Gouge Out Your Eyes with a Rusty Synecdoche

One of the things that has troubled me about the 'network' way of thinking of things is its obvious coupling with what has come to be known as the 'free market' economy. Such as, say, the predictions markets discussed in this Cognitive Edge post. Not because I am against free markets, so much, but because free markets are demonstratively ineffective at certain points - such as emergencies, infrastructure development, and conditions of scarcity - and because the free market system as it exists today is terribly imbalanced, the wealth of the few being based on the oppression of the many. This article looks at some of those conditions.

Where many people go with this is in the direction suggested by Beth Kanter's post. Social networks, she writes, incorporate a "ladder of engagement", and these different levels of engagement change the nature of the contacts between members of the network, and hence, the nature of the network itself. And you see this sort of effect not only in Facebook causes, but also in the evangelism for new network technologies, such as Second Life and Twitter.

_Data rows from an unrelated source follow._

Lemma dual_ideal_mem0 : dual_ideal_mem 0.
Proof. by split; apply: ideal0. Qed.
Lemma dual_ideal_memD u v :
  dual_ideal_mem u -> dual_ideal_mem v -> dual_ideal_mem (u + v).
Proof. by move=> [? ?] [? ?]; split; apply: idealD. Qed.
Lemma dual_ideal_memM a u : dual_ideal_mem u -> dual_ideal_mem (a * u).
Proof.
move=> [K1u K2u]; split; first exact: idealMl.
rewrite /= -mulrA; apply: idealD; last by do 2 apply: idealMl.
by apply: idealD; apply: idealMl => //; apply: K12.
Qed.

Definition dual_ideal : ideal (alpha_dual al) :=
  Ideal dual_ideal_mem0 dual_ideal_memD dual_ideal_memM.

Lemma qpi_dual_eqP x u v :
  qpi dual_ideal ((x, u) : alpha_dual al) = qpi dual_ideal (x, v) <-> K2 (u - v).
Proof.
rewrite qpi_eqP; split=> [[] //|K2e]; split => //=.
by rewrite subrr; apply: ideal0.
Qed.

Section GraphMod.
Variable e : B -> B.
Hypothesis eD : forall x y, K2 (e (x + y) - (e x + e y)).
Hypothesis eM : forall x y, K2 (e (x * y) - (e x * y + x * e y + al * e x * e y)).
Hypothesis e1 : K2 (e 1).

Lemma graph_mod_is_nmod_morphism : nmod_morphism (fun y => qpi dual_ideal (y, e y)).
Proof.
split=> [|x y]; cbv beta; last by rewrite -rmorphD; apply/qpi_dual_eqP.
apply/qpi_eq0P; split; first exact: ideal0.
by have := idealN (eD 0 0); rewrite addr0 opprB addrK.
Qed.

Lemma graph_mod_is_monoid_morphism : monoid_morphism (fun y => qpi dual_ideal (y, e y)).
Proof.
split=> [|x y]; cbv beta; last by rewrite -rmorphM; apply/qpi_dual_eqP.
rewrite -(rmorph1 (qpi _)); apply/qpi_eqP; split => /=.
  by rewrite subrr; apply: ideal0.
by rewrite subr0.
Qed.

Definition graph_mod : {rmorphism B -> quot dual_ideal} :=
  HB.pack (fun y => qpi dual_ideal (y, e y))
    (GRing.isNmodMorphism.Build _ _ _ graph_mod_is_nmod_morphism)
    (GRing.isMonoidMorphism.Build _ _ _ graph_mod_is_monoid_morphism).

End GraphMod.

Section RmorphismGraph.
Variable w : {rmorphism B -> quot dual_ideal}.
Hypothesis w1 : forall y, K1 ((val (w y)).1 - y).

Definition rmorph_graph (y : B) : B := (val (w y)).2.

Lemma rmorph_graphE y : w y = qpi dual_ideal (y, rmorph_graph y).
Proof.
rewrite -[w y]qpi_val; apply/qpi_eqP; split; first exact: w1.
by rewrite /= subrr; apply: ideal0.
Qed.

Lemma rmorph_graphD x y : K2 (rmorph_graph (x + y) - (rmorph_graph x + rmorph_graph y)).
Proof.
apply/(qpi_dual_eqP (x + y)).
by rewrite -[LHS]rmorph_graphE rmorphD !rmorph_graphE -rmorphD.
Qed.

Lemma rmorph_graphM x y :
  K2 (rmorph_graph (x * y) - (rmorph_graph x * y + x * rmorph_graph y
                              + al * rmorph_graph x * rmorph_graph y)).
Proof.
apply/(qpi_dual_eqP (x * y)).
by rewrite -[LHS]rmorph_graphE rmorphM !rmorph_graphE -rmorphM.
Qed.

End RmorphismGraph.
End DualIdeal.

Lemma dual_ideal_sqr_add_pow (K : ideal B) j u v :
  dual_ideal_mem K (add_pow K al j) u -> dual_ideal_mem K (add_pow K al j) v ->
  dual_ideal_mem K (add_pow K al j.+1) (u * v).
Proof.
move=> [Ku1 Mu2] [Kv1 Mv2]; split; first exact: idealMl.
rewrite alpha_dualM; apply: idealD; last by apply: idealMr; apply: add_powMc.
by apply: idealD; apply: sub_add_pow; [apply: idealMl | apply: idealMr].
Qed.

End AlphaDual.


Section DualMap.
Variables (B B' : comPzRingType) (f : {rmorphism B -> B'}) (al : B).

Definition dual_map (u : alpha_dual al) : alpha_dual (f al) := (f u.1, f u.2).

Lemma dual_map_is_nmod_morphism : nmod_morphism dual_map.
Proof. by split=> [|u v]; rewrite /dual_map /= ?rmorph0 ?rmorphD. Qed.
Lemma dual_map_is_monoid_morphism : monoid_morphism dual_map.
Proof.
split=> [|u v]; first by rewrite /dual_map /= rmorph0 rmorph1.
by rewrite /dual_map !alpha_dualM /= !(rmorphD, rmorphM).
Qed.

HB.instance Definition _ := GRing.isNmodMorphism.Build _ _ dual_map
  dual_map_is_nmod_morphism.
HB.instance Definition _ := GRing.isMonoidMorphism.Build _ _ dual_map
  dual_map_is_monoid_morphism.

End DualMap.

(** * Alpha-derivations *)

Section AlphaDerivation.
Variables (R : comPzRingType) (A : comAlgType R) (alpha : A) (d : A -> A).
Hypothesis dP : is_alpha_derivation alpha d.

Lemma derivD x y : d (x + y) = d x + d y.
Proof. by case: dP => dZ _ _; have := dZ 1 x y; rewrite !scale1r. Qed.
Lemma deriv0 : d 0 = 0.
Proof. by apply: (addrI (d 0)); rewrite -derivD !addr0. Qed.
Lemma deriv1 : d 1 = 0.
Proof. by case: dP. Qed.
Lemma derivM x y : d (x * y) = d x * y + x * d y + alpha * d x * d y.
Proof. by case: dP. Qed.
Lemma deriv_sum (T : Type) (s : seq T) (F : T -> A) :
  d (\sum_(p <- s) F p) = \sum_(p <- s) d (F p).
Proof. exact: (big_morph d derivD deriv0). Qed.

Lemma deriv_graph_is_nmod_morphism : nmod_morphism (fun x : A => (x, d x) : alpha_dual alpha).
Proof. by split=> [|x y]; rewrite ?deriv0 ?derivD. Qed.
Lemma deriv_graph_is_monoid_morphism : monoid_morphism (fun x : A => (x, d x) : alpha_dual alpha).
Proof. by split=> [|x y]; rewrite ?deriv1 ?derivM. Qed.

Definition deriv_graph : {rmorphism A -> alpha_dual alpha} :=
  HB.pack (fun x : A => (x, d x) : alpha_dual alpha)
    (GRing.isNmodMorphism.Build _ _ _ deriv_graph_is_nmod_morphism)
    (GRing.isMonoidMorphism.Build _ _ _ deriv_graph_is_monoid_morphism).

Lemma deriv_scale1 r : d (r *: 1) = 0.
Proof. by case: dP => dZ d1 _; have := dZ r 1 0; rewrite addr0 d1 scaler0 deriv0 addr0. Qed.

Variable I : A -> Prop.

(* In d(xy) = d(x)y + x d(y) + alpha d(x) d(y), each term either keeps a
   factor of I or gains a factor alpha. *)
Lemma deriv_ideal_pow m j a :
  ideal_pow I (m + j) a -> add_pow (ideal_pow_ideal I m) alpha j (d a).
Proof.
move mjN: (m + j)%N => N; elim: N m j a mjN => [|N IHN] m j a.
  by case: m j => [|m] [|j] // _ _; apply: add_pow0.
move=> mjN /= [s [Is ->]]; rewrite deriv_sum.
apply: (ideal_sum (K := add_pow _ _ j) (F := fun p : A * A => d (p.1 * p.2))) => p /Is [Ip1 Ip2].
case: j mjN => [|j] mjN; first exact: add_pow0.
rewrite derivM; apply: idealD; first apply: idealD.
- case: m mjN => [|m] mjN; first by apply: sub_add_pow.
  have [q [t [Iq ->]]] := IHN m j.+1 _ (succn_inj mjN) Ip1.
  exists (q * p.2), (t * p.2); split; first exact: ideal_powSM.
  by ring.
- apply/idealMr/sub_add_pow/(ideal_pow_le (n := N)) => //.
  by move: mjN; rewrite addnS => -[<-]; apply: leq_addr.
- apply/idealMr/add_powMc/(IHN m j) => //.
  by move: mjN; rewrite addnS => -[].
Qed.

End AlphaDerivation.

Lemma is_alpha_derivation_intro (R : comPzRingType) (A : comAlgType R) (alpha : A)
    (d : A -> A) :
  (forall x y, d (x + y) = d x + d y) ->
  (forall x y, d (x * y) = d x * y + x * d y + alpha * d x * d y) ->
  (forall r, d (r *: 1) = 0) -> is_alpha_derivation alpha d.
Proof.
move=> dD dM dZ1; split=> [r x y | | //]; last by rewrite -[1](scale1r 1) dZ1.
by rewrite dD -mulr_algl dM dZ1 !(mulr0, mul0r, addr0, add0r) mulr_algl.
Qed.

(** * Lifting along an adically etale map *)

Section Lifting.
Variables (R : comPzRingType) (A A' : comAlgType R) (I : A -> Prop)
  (f : {lrmorphism A -> A'}) (alpha : A) (d : A -> A).
Hypothesis dP : is_alpha_derivation alpha d.

Local Notation al := (f alpha).
Local Notation J n := (ext_ideal_ideal f (ideal_pow I n)).

Record lift_mod (K : ideal A') (e : A' -> A') : Prop := LiftMod {
  lift_modD : forall x y, K (e (x + y) - (e x + e y));
  lift_modM : forall x y, K (e (x * y) - (e x * y + x * e y + al * e x * e y));
  lift_mod_f : forall a, K (e (f a) - f (d a)) }.

Lemma lift_mod_sub (K L : ideal A') e :
  (forall x, K x -> L x) -> lift_mod K e -> lift_mod L e.
Proof. by move=> KL [eD eM ef]; split=> *; apply: KL. Qed.

Lemma lift_mod1 K e : lift_mod K e -> K (e 1).
Proof. by case=> _ _ /(_ 1); rewrite rmorph1 (deriv1 dP) rmorph0 subr0. Qed.

Lemma lift_mod_congr (K : ideal A') e e' :
  lift_mod K e -> (forall y, K (e' y - e y)) -> lift_mod K e'.
Proof.
move=> [eD eM ef] e'e; have E y : qpi K (e' y) = qpi K (e y) by apply/qpi_eqP.
split=> [x y | x y | a]; apply/qpi_eqP;
  rewrite ?rmorphD ?rmorphM !E -?rmorphM -?rmorphD; apply/qpi_eqP.
- exact: eD.
- exact: eM.
- exact: ef.
Qed.

Lemma lift_mod_exact (K : ideal A') e :
  (forall x y, e (x + y) = e x + e y) ->
  (forall x y, e (x * y) = e x * y + x * e y + al * e x * e y) ->
  (forall a, e (f a) = f (d a)) -> lift_mod K e.
Proof. by move=> eD eM ef; split=> *; rewrite ?eD ?eM ?ef subrr; apply: ideal0. Qed.

Local Notation M n j := (add_pow (J n) al j).

Local Notation JM n j := (dual_ideal al (@sub_add_pow _ (J n) al j)).
Local Notation C n j := (quot (JM n j)).

Lemma dual_idealS n j u : JM n j.+1 u -> JM n j u.
Proof. by case=> J1 M2; split => //; apply: add_powS. Qed.

Local Notation proj n j := (quot_map (@dual_idealS n j)).

Definition dual_deriv n j : {rmorphism A -> C n j} :=
  qpi (JM n j) \o @dual_map _ _ f alpha \o deriv_graph dP.

Lemma dual_deriv_eq0 n j N a :
  (n + j <= N)%N -> ideal_pow I N a -> dual_deriv n j a = 0.
Proof.
move=> njN /(ideal_pow_le njN) Ia; apply/qpi_eq0P; split.
  by apply: ext_ideal_img; apply: (ideal_pow_le _ Ia); apply: leq_addr.
apply: add_pow_rmorph (deriv_ideal_pow dP Ia) => x.
exact: ext_ideal_img.
Qed.

Lemma proj_dual_deriv n j a : proj n j (dual_deriv n j.+1 a) = dual_deriv n j a.
Proof. exact: quot_map_qpi. Qed.

Section Graph.
Variables (n j : nat) (e : A' -> A').
Hypothesis eP : lift_mod (M n j) e.

Definition lift_graph : {rmorphism A' -> C n j} :=
  graph_mod (@sub_add_pow _ (J n) al j) (lift_modD eP) (lift_modM eP) (lift_mod1 eP).

Lemma lift_graph_f a : lift_graph (f a) = dual_deriv n j a.
Proof. exact/qpi_dual_eqP/(lift_mod_f eP). Qed.

Lemma lift_graph_eq0 N y : (n + j <= N)%N -> J N y -> lift_graph y = 0.
Proof.
move=> njN; apply: rmorph_ext_ideal_eq0 => a Ia.
by rewrite lift_graph_f; apply: dual_deriv_eq0 Ia.
Qed.

End Graph.

Lemma lift_graph_eqP n j e e' (eP : lift_mod (M n j) e)
    (e'P : lift_mod (M n j) e') y :
  lift_graph eP y = lift_graph e'P y <-> M n j (e y - e' y).
Proof. exact: qpi_dual_eqP. Qed.

Lemma lift_modS n j e : lift_mod (M n j.+1) e -> lift_mod (M n j) e.
Proof. exact/lift_mod_sub/add_powS. Qed.

Lemma proj_lift_graph n j e (eP : lift_mod (M n j.+1) e) y :
  proj n j (lift_graph eP y) = lift_graph (lift_modS eP) y.
Proof. exact: quot_map_qpi. Qed.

Because these communities offer more than mere transaction, the value of the network to its members is increased - and so is their emotional attachment, which also feeds back into this same cycle.

Why is this important? Well, the free market is, in essence, a network of transactions. By setting up the network as nothing more than an exchange of goods for currency, no emotional attachment is created (except for those who develop a perverse love of money, like Conrad Black). Dave Pollard has been struggling to explain this recently, trying to embody a philosophy of love into community transactions. But this, I fear, takes us into an environment where all our transactions are group transactions, which carries its own risks.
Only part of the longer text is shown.